* Aim of the task
Each line from the one containing "shortest route from" onward, through the end of the entries, is to be transcribed exactly; nothing else is to be included.

* Data for analysis
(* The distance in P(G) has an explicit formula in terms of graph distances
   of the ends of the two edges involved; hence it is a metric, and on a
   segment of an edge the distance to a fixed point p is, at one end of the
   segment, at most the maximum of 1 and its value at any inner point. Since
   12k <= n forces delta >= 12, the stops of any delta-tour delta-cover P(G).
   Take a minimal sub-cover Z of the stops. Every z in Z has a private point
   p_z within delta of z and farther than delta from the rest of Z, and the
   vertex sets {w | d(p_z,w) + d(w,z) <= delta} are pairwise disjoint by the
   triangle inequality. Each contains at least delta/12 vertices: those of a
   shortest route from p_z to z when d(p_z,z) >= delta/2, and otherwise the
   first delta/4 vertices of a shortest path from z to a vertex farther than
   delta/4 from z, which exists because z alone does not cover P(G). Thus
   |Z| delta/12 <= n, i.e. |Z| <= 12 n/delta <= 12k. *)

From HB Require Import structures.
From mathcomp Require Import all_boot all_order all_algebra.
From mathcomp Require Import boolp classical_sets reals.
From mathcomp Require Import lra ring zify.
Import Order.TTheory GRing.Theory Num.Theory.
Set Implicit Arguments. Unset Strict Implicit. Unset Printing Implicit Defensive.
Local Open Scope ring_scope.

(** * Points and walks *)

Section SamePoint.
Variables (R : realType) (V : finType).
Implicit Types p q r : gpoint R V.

* Written solution
   shortest route from p_z to z when d(p_z,z) >= delta/2, and otherwise the
   first delta/4 vertices of a shortest path from z to a vertex farther than
   delta/4 from z, which exists because z alone does not cover P(G). Thus
   |Z| delta/12 <= n, i.e. |Z| <= 12 n/delta <= 12k. *)

From HB Require Import structures.
From mathcomp Require Import all_boot all_order all_algebra.
From mathcomp Require Import boolp classical_sets reals.
From mathcomp Require Import lra ring zify.
Import Order.TTheory GRing.Theory Num.Theory.
Set Implicit Arguments. Unset Strict Implicit. Unset Printing Implicit Defensive.
Local Open Scope ring_scope.

(** * Points and walks *)

Section SamePoint.
Variables (R : realType) (V : finType).
Implicit Types p q r : gpoint R V.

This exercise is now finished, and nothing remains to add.